By Kim Howard
Williston gas station owners say they are not to blame for skyrocketing prices, though they are still hearing a lot about the high cost of refueling.
“It’s not easy,” said Joe Marriott, manager at the Short Stop Mobil at Taft Corners. “All five of my cashiers are stressed out” from dealing with customer complaints and keeping an eye out for people driving off without paying.
Mario Herceg, manager of Simon’s Plaza Store and Deli, concurred. “We hate for the gas prices (to be) this high,” he said.
“Some customers think that we are changing the prices,” Herceg said, noting that he had changed the price sign four times in the preceding week. However, “gas station owners and managers and employees have nothing to do with these gas prices,” he said.
In the wake of Hurricane Katrina, which damaged Gulf Coast refineries and pipelines, prices spiked sharply to more than $3 a gallons last week. The jump comes after a steady rise in prices over the summer amid increases in the price of crude oil.
This week, “every single time you get a delivery, you get a new price” from the supplier, Herceg explained. Local station representatives who agreed to be interviewed indicated that deliveries range from two times a week to daily, sometimes even twice a day.
S.B. Collins of St. Albans, which supplies gas for three of the five gas stations in Williston, including Simon’s, did not immediately return a phone call for comment. A.R. Sandri of Springfield, Mass., which supplies gasoline and leases the station to Clark’s Sunoco, also did not respond.
However, Bradford Oil Company, supplier for Korner Kwik Stop in Williston Village, did comment on the role of suppliers in rising gas prices.
“The suppliers are in the same boat as the retailers,” said Richard Browne, general manager of the Bradford-based company. “The reason the retailers’ costs have gone up is because our costs have gone up. What we pay when we pick up a load of gas for a station has gone up in some cases by as much as a dollar in the last week.”
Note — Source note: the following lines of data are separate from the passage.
(* Two unital formal multiplications $F_1,F_2$ on $V$ are similar if and only if there exists a similarity $\Phi$ on $V$ such that $F_1(\mu\otimes\nu)=\sum F_2\big(\mu_{(1)}\otimes\Phi'(\mu_{(2)}\otimes\nu)\big)$ for all $\mu,\nu\in k[V]$ (i.e. $F_1(\mathbf{x},\mathbf{y})=F_2(\mathbf{x},\Phi(\mathbf{x},\mathbf{y}))$).
   Context: $k$ is a field of characteristic $0$; $k[V]$ is the symmetric algebra of $V$ with the coalgebra structure in which elements of $V$ are primitive, counit $\epsilon$ (degree-0 projection), $\pi_V$ the projection onto $V$, Sweedler notation; $k[V]_{\ge1}$ is the sum of symmetric powers of degree $\ge1$. A unital formal multiplication on $V$ is a linear map $F\colon k[V]\otimes k[V]\to V$ with $F(\mu\otimes1)=\pi_V(\mu)=F(1\otimes\mu)$. For a linear map $\Phi\colon k[V]\otimes k[V]\to V$ with $\Phi(1\otimes 1)=0$, $\Phi'(\xi)=\sum_{n\ge0}\frac1{n!}\Phi(\xi_{(1)})\cdots\Phi(\xi_{(n)})$ is the induced coalgebra morphism to $k[V]$. A similarity is a linear map $\Phi\colon k[V]\otimes k[V]\to V$ with $\Phi|_{1\otimes k[V]}=\pi_V$ and $\Phi|_{k[V]_{\ge1}\otimes(k1\oplus V)}=0$. Two unital formal multiplications are similar if their restrictions to $k[V]\otimes V$ coincide. *)

From HB Require Import structures.
From mathcomp Require Import all_boot all_order all_algebra.
Set Implicit Arguments. Unset Strict Implicit. Unset Printing Implicit Defensive.
Import Order.TTheory GRing.Theory Num.Theory.
Local Open Scope ring_scope.
(* Let $1\le d<N$, let $w\in I_{d,N}$ with $w\ne(1,\dots,d)$, and let $T\subseteq GL_N$ be the maximal torus of diagonal matrices, so that $(w,d,N,T)$ is a stable Levi–Schubert quadruple. Let $(\overline w,\overline d,\overline N,\overline T)$ be its reduction. Then $(w,d,N,T)$ is spherical (i.e. $X(w)$ has a dense open $T$-orbit) if and only if $\overline w=(\overline N)$ (with $\overline d=1$) or $\overline d\ge2$ and $\overline w=(2,3,\dots,\overline d,\overline N)$.
   Context: Work over $\mathbb{C}$. $G_{d,N}$ is the Grassmannian of $d$-planes in $\mathbb{C}^N$; $B\subset GL_N$ upper triangular, $T\subset B$ the diagonal matrices. $I_{d,N}$ is the set of sequences $(i_1<\dots<i_d)$ in $\{1,\dots,N\}$. For $w=(\ell_1,\dots,\ell_d)\in I_{d,N}$, $X(w)$ is the closure of $B\cdot[e_{\ell_1}\wedge\dots\wedge e_{\ell_d}]$. A Levi–Schubert quadruple $(w,d,N,L)$ with $L$ a standard (block diagonal) Levi subgroup of $GL_N$ is stable if $X(w)$ is $L$-stable under left multiplication, and then spherical if $X(w)$ has a dense open orbit of a Borel subgroup of $L$; $T$ is the Levi with all blocks of size $1$. Reduction: let $p\ge0$ be maximal with $\ell_i=i$ for $i\le p$; then $\overline w=(\ell_{p+1}-p,\dots,\ell_d-p)$, $\overline d=d-p$, $\overline N=\ell_d-p$, and $\overline T$ is the diagonal torus of $GL_{\overline N}$ (image of $T$ under taking the principal submatrix on rows and columns $p+1,\dots,\ell_d$). *)

From HB Require Import structures.
From mathcomp Require Import all_boot all_order all_algebra.
Set Implicit Arguments. Unset Strict Implicit. Unset Printing Implicit Defensive.
Import Order.TTheory GRing.Theory Num.Theory.
Local Open Scope ring_scope.

Inductive pexpr (V F : Type) : Type :=
| PConst of F
| PVar of V
| PAdd of pexpr V F & pexpr V F
| PMul of pexpr V F & pexpr V F.

Fixpoint peval (R : pzRingType) (V : Type) (x : V -> R) (p : pexpr V R) : R :=
  match p with
  | PConst c => c
  | PVar v => x v
  | PAdd p q => peval x p + peval x q
  | PMul p q => peval x p * peval x q
  end.

(* ---------- The Grassmannian G_{d,N} ----------
   A point of G_{d,N} (a d-plane V in F^N) is represented by a d x N matrix
   of rank d whose rows form a basis of V; two matrices represent the same
   point iff they have the same row space. *)
Definition gr_pt (F : fieldType) (d N : nat) (A : 'M[F]_(d, N)) : Prop :=
  row_free A.

Definition same_pt (F : fieldType) (d N : nat) (A B : 'M[F]_(d, N)) : Prop :=
  (A == B)%MS.

Definition pluecker (F : fieldType) (d N : nat) (A : 'M[F]_(d, N))
  (f : {ffun 'I_d -> 'I_N}) : F := \det (colsub f A).

(* Zariski topology on G_{d,N} induced by the Pluecker embedding into
   projective space: a point lies in the zero locus of a family S of
   polynomials in the Pluecker coordinates iff they vanish at every
   representative (i.e. at every nonzero multiple of its Pluecker vector). *)
Definition vanish (F : fieldType) (d N : nat)
  (S : pexpr {ffun 'I_d -> 'I_N} F -> Prop) (A : 'M[F]_(d, N)) : Prop :=
  forall p, S p -> forall B : 'M[F]_(d, N), gr_pt B -> same_pt B A ->
    peval (pluecker B) p = 0.

Definition gr_closed (F : fieldType) (d N : nat) (Z : 'M[F]_(d, N) -> Prop)
  : Prop :=
  exists S : pexpr {ffun 'I_d -> 'I_N} F -> Prop,
    forall A, gr_pt A -> (Z A <-> vanish S A).

Definition gr_closure (F : fieldType) (d N : nat) (Y : 'M[F]_(d, N) -> Prop)
  (A : 'M[F]_(d, N)) : Prop :=
  gr_pt A /\
  forall Z : 'M[F]_(d, N) -> Prop, gr_closed Z ->
    (forall B, gr_pt B -> Y B -> Z B) -> Z A.

Definition rel_open (F : fieldType) (d N : nat) (X O : 'M[F]_(d, N) -> Prop)
  : Prop :=
  exists Z, gr_closed Z /\ forall A, gr_pt A -> (O A <-> (X A /\ ~ Z A)).

Definition rel_dense (F : fieldType) (d N : nat) (X O : 'M[F]_(d, N) -> Prop)
  : Prop :=
  forall A, X A -> gr_closure O A.

(* ---------- Groups acting (g . V has basis rows  v_i^T g^T) ---------- *)
Definition upper_tri (F : fieldType) (N : nat) (b : 'M[F]_N) : Prop :=
  forall i j : 'I_N, (j < i)%N -> b i j = 0.

Definition borel_orbit (F : fieldType) (d N : nat) (A : 'M[F]_(d, N))
  (B : 'M[F]_(d, N)) : Prop :=
  gr_pt B /\ exists b : 'M[F]_N,
    upper_tri b /\ b \in unitmx /\ same_pt B (A *m b^T).

Definition torus_orbit (F : fieldType) (d N : nat) (A : 'M[F]_(d, N))
  (B : 'M[F]_(d, N)) : Prop :=
  gr_pt B /\ exists t : 'rV[F]_N,
    (forall i, t 0 i != 0) /\ same_pt B (A *m diag_mx t).

(* w = (l_1 < ... < l_d), entries in {1..N} (1-indexed as in the paper). *)
Definition in_IdN (d N : nat) (w : seq nat) : Prop :=
  size w = d /\ sorted ltn w /\ all (fun l => (0 < l <= N)%N) w.

Definition schubert_pt (F : fieldType) (d N : nat) (w : seq nat)
  : 'M[F]_(d, N) :=
  \matrix_(j < d, k < N) (((k : nat).+1 == nth 0%N w j)%:R).

Definition schubert (F : fieldType) (d N : nat) (w : seq nat)
  : 'M[F]_(d, N) -> Prop :=
  gr_closure (borel_orbit (@schubert_pt F d N w)).

Definition T_spherical (F : fieldType) (d N : nat) (w : seq nat) : Prop :=
  exists A : 'M[F]_(d, N), @schubert F d N w A /\
    rel_open (@schubert F d N w) (torus_orbit A) /\
    rel_dense (@schubert F d N w) (torus_orbit A).

Definition red_p (w : seq nat) : nat :=
  find (fun i => nth 0%N w i != i.+1) (iota 0 (size w)).
Definition wbar (w : seq nat) : seq nat :=
  map (fun l => (l - red_p w)%N) (drop (red_p w) w).
Definition dbar (w : seq nat) : nat := (size w - red_p w)%N.
Definition Nbar (w : seq nat) : nat := (last 0%N w - red_p w)%N.
(* For GP-EI with BPMI and any $t\in\mathbb{N}$, when $E^r(t)$ holds, $$r_t\le\big(c_\mu(t)+\phi(0)+\beta_t^{1/2}\big)\sigma_{t-1}(\mathbf{x}_t)+c_\alpha\beta_t^{1/2}\sigma_{t-1}([\mathbf{x}^*]_t)+\frac{1}{t^2},$$ where $c_\mu(t)=\log^{1/2}\!\big(\frac{t-1+\sigma^2}{2\pi\phi^2(0)\sigma^2}\big)$ and $c_\alpha=1.328$.
   Context: Setting: $d\ge1$, $r>0$, $C\subseteq[0,r]^d$ compact; $k$ positive semidefinite kernel with $k(\mathbf{x},\mathbf{x}')\le1$, $k(\mathbf{x},\mathbf{x})=1$ on $C$. $f$ is a sample path of $GP(0,k)$, Lipschitz with constant $L\ge1/(rd)$ in $\ell_1$-norm; $\mathbf{x}^*\in\arg\min_Cf$. Observations $y_t=f(\mathbf{x}_t)+\epsilon_t$, $\epsilon_t$ i.i.d. $\mathcal{N}(0,\sigma^2)$, $\sigma>0$. Posterior $\mu_t(\mathbf{x})=\mathbf{k}_t(\mathbf{x})^T(\mathbf{K}_t+\sigma^2\mathbf{I})^{-1}\mathbf{y}_{1:t}$, $\sigma_t^2(\mathbf{x})=1-\mathbf{k}_t(\mathbf{x})^T(\mathbf{K}_t+\sigma^2\mathbf{I})^{-1}\mathbf{k}_t(\mathbf{x})$ ($\mathbf{K}_t=[k(\mathbf{x}_i,\mathbf{x}_j)]_{i,j\le t}$, $\mathbf{k}_t(\mathbf{x})=[k(\mathbf{x}_i,\mathbf{x})]_{i\le t}$). BPMI incumbent $\xi_t^+=\mu_t^+=\min_{\mathbf{x}\in C}\mu_t(\mathbf{x})$. $EI_t(\mathbf{x})=(\xi_t^+-\mu_t(\mathbf{x}))\Phi(z_t(\mathbf{x}))+\sigma_t(\mathbf{x})\phi(z_t(\mathbf{x}))$, $z_t=(\xi_t^+-\mu_t)/\sigma_t$, $\phi,\Phi$ standard normal pdf/cdf; GP-EI picks $\mathbf{x}_t\in\arg\max_CEI_{t-1}$. $r_t=f(\mathbf{x}_t)-f(\mathbf{x}^* )$. Discretization: $\mathbb{C}_t\subseteq C$ finite, $|\mathbb{C}_t|=(Lrdt^2)^d$, with $\|\mathbf{x}-[\mathbf{x}]_t\|_1\le1/(Lt^2)$ for all $\mathbf{x}\in C$, where $[\mathbf{x}]_t$ is a closest point of $\mathbb{C}_t$ to $\mathbf{x}$. With $\delta\in(0,1)$, $\pi_t=\pi^2t^2/6$, $\beta_t=2\log(8|\mathbb{C}_t|\pi_t/\delta)$. $E^r(t)$ is the event that $|f(\mathbf{x})-\mu_{t-1}(\mathbf{x})|\le\beta_t^{1/2}\sigma_{t-1}(\mathbf{x})$ for all $\mathbf{x}\in\mathbb{C}_t$ and also $|f(\mathbf{x}_t)-\mu_{t-1}(\mathbf{x}_t)|\le\beta_t^{1/2}\sigma_{t-1}(\mathbf{x}_t)$. *)

From HB Require Import structures.
From mathcomp Require Import all_boot all_order all_algebra.
From mathcomp Require Import all_classical all_reals all_analysis.
Set Implicit Arguments. Unset Strict Implicit. Unset Printing Implicit Defensive.
Import Order.TTheory GRing.Theory Num.Theory Num.Def.
Import numFieldNormedType.Exports.
Local Open Scope classical_set_scope.
Local Open Scope ring_scope.

Section GPEI.
Context {R : realType} {d : nat}.
Notation pt := 'rV[R]_d.

Definition l1norm (v : pt) : R := \sum_(i < d) `|v ord0 i|.

Definition psd_kernel (k : pt -> pt -> R) : Prop :=
  (forall x y, k x y = k y x) /\
  (forall (n : nat) (z : 'I_n -> pt) (c : 'I_n -> R),
      0 <= \sum_(i < n) \sum_(j < n) c i * c j * k (z i) (z j)).

(* GP posterior after n observations; the i-th observation (i : 'I_n)
   is taken at X (i+1) with value y (i+1), i.e. data x_1..x_n, y_1..y_n. *)
Definition gram (k : pt -> pt -> R) (X : nat -> pt) (n : nat) : 'M[R]_n :=
  \matrix_(i < n, j < n) k (X i.+1) (X j.+1).
Definition kvec (k : pt -> pt -> R) (X : nat -> pt) (n : nat) (x : pt) : 'cV[R]_n :=
  \col_(i < n) k (X i.+1) x.
Definition yvec (y : nat -> R) (n : nat) : 'cV[R]_n := \col_(i < n) y i.+1.

Definition post_mean (k : pt -> pt -> R) (sigma : R) (X : nat -> pt) (y : nat -> R)
  (n : nat) (x : pt) : R :=
  ((kvec k X n x)^T *m invmx (gram k X n + (sigma ^+ 2)%:M) *m yvec y n) ord0 ord0.

Definition post_var (k : pt -> pt -> R) (sigma : R) (X : nat -> pt)
  (n : nat) (x : pt) : R :=
  1 - ((kvec k X n x)^T *m invmx (gram k X n + (sigma ^+ 2)%:M) *m kvec k X n x) ord0 ord0.

Definition post_sd k sigma X n x : R := Num.sqrt (post_var k sigma X n x).

Definition phi (z : R) : R := normal_pdf 0 1 z.
Definition Phi (z : R) : R := fine (normal_prob 0 1 `]-oo, z]).

Definition bpmi (C : set pt) (mu : pt -> R) : R := inf [set mu x | x in C].

Definition EI k sigma (C : set pt) X y (n : nat) (x : pt) : R :=
  let xi := bpmi C (post_mean k sigma X y n) in
  let m := post_mean k sigma X y n x in
  let s := post_sd k sigma X n x in
  let z := (xi - m) / s in
  (xi - m) * Phi z + s * phi z.

Definition pi_t (t : nat) : R := pi ^+ 2 * (t%:R) ^+ 2 / 6.
(* beta_t = 2 log(8 |C_t| pi_t / delta), with |C_t| = (L r d t^2)^d *)
Definition beta_t (L r : R) (delta : R) (t : nat) : R :=
  2 * ln (8 * (L * r * d%:R * (t%:R) ^+ 2) ^+ d * pi_t t / delta).

Definition c_mu (sigma : R) (t : nat) : R :=
  Num.sqrt (ln ((t%:R - 1 + sigma ^+ 2) / (2 * pi * phi 0 ^+ 2 * sigma ^+ 2))).

Definition c_alpha : R := 1328%:R / 1000%:R.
“It’s somewhere before there, that anybody’s making any money,” Browne said, referring to where they load the gasoline.
Shane Sweet agreed. “The money is being made way, way upstream,” said Sweet, the executive vice president and director of the Northfield-based Vermont Fuel Dealers Association. “I can say categorically that there’s absolutely no party for anyone in Vermont. It’s really expensive to be in the fuel business.”
Allen Lemieux, who leases and owns Clark’s Sunoco, explained how in fact he is making less money as the price of gas goes up.
“As the dollar amount gets higher, I pay higher credit card fees,” Lemieux said of purchases made at the store, which has been operated by the Clark family since 1984.
For each credit card used, Lemieux pays the credit card company a percentage of the total purchased. With last week’s gas prices, Lemieux estimated he was paying nine cents per gallon in credit card fees, but only making back “pennies a gallon.” For debit cards, Lemieux said he pays 35 cents per usage just for swiping the card.
“We’re talking $7,000 a month in fees I’m paying,” Lemieux said.
Though Lemieux acknowledges that eventually A.R. Sandri, their leaser and supplier, will adjust Lemieux’s rent so that he breaks even on gasoline, the gas price increases may still have a negative effect on his ability to turn a profit.
“We make our money in the store,” Lemieux explained, from sandwiches and other goods. “My biggest fear is that as their wallets dry up because they’re putting it in their gas tank, (people) won’t buy other things in the store,” he said.
A number of Williston residents surveyed late last week indicated their behaviors will change as a result of rising gas prices.
Heather Burnett, a University of Vermont student who also works at Circuit City in Williston, filled her suburban SUV at Clark’s last week when gas there was still only $2.99 per gallon.
With the rising gas prices, “I won’t be going anywhere,” said Burnett. “No extracurriculars. No weekend activities.”
Those in the fuel industry say that with behavior changes like Burnett’s, consumers do have some control over gas prices.
“This is entirely a supply and demand situation,” Browne said. “If demand for the product declined, prices would decline.”
Sweet said that individual consumers can make a difference in the short-term by “breaking your habit or your routine when you fill up.” If you have half of a tank of gas, that’s enough, he said. “People just shouldn’t contribute to the problem.”
Over the long term, “what the consumer can do is just to be smart,” Sweet said. For example, people need to begin looking at the type of vehicle they drive, he said, and consider alternative fuels like biodiesel.
“It’s not the be-all, end-all,” Sweet said. “It’s just another tool in the toolbox.”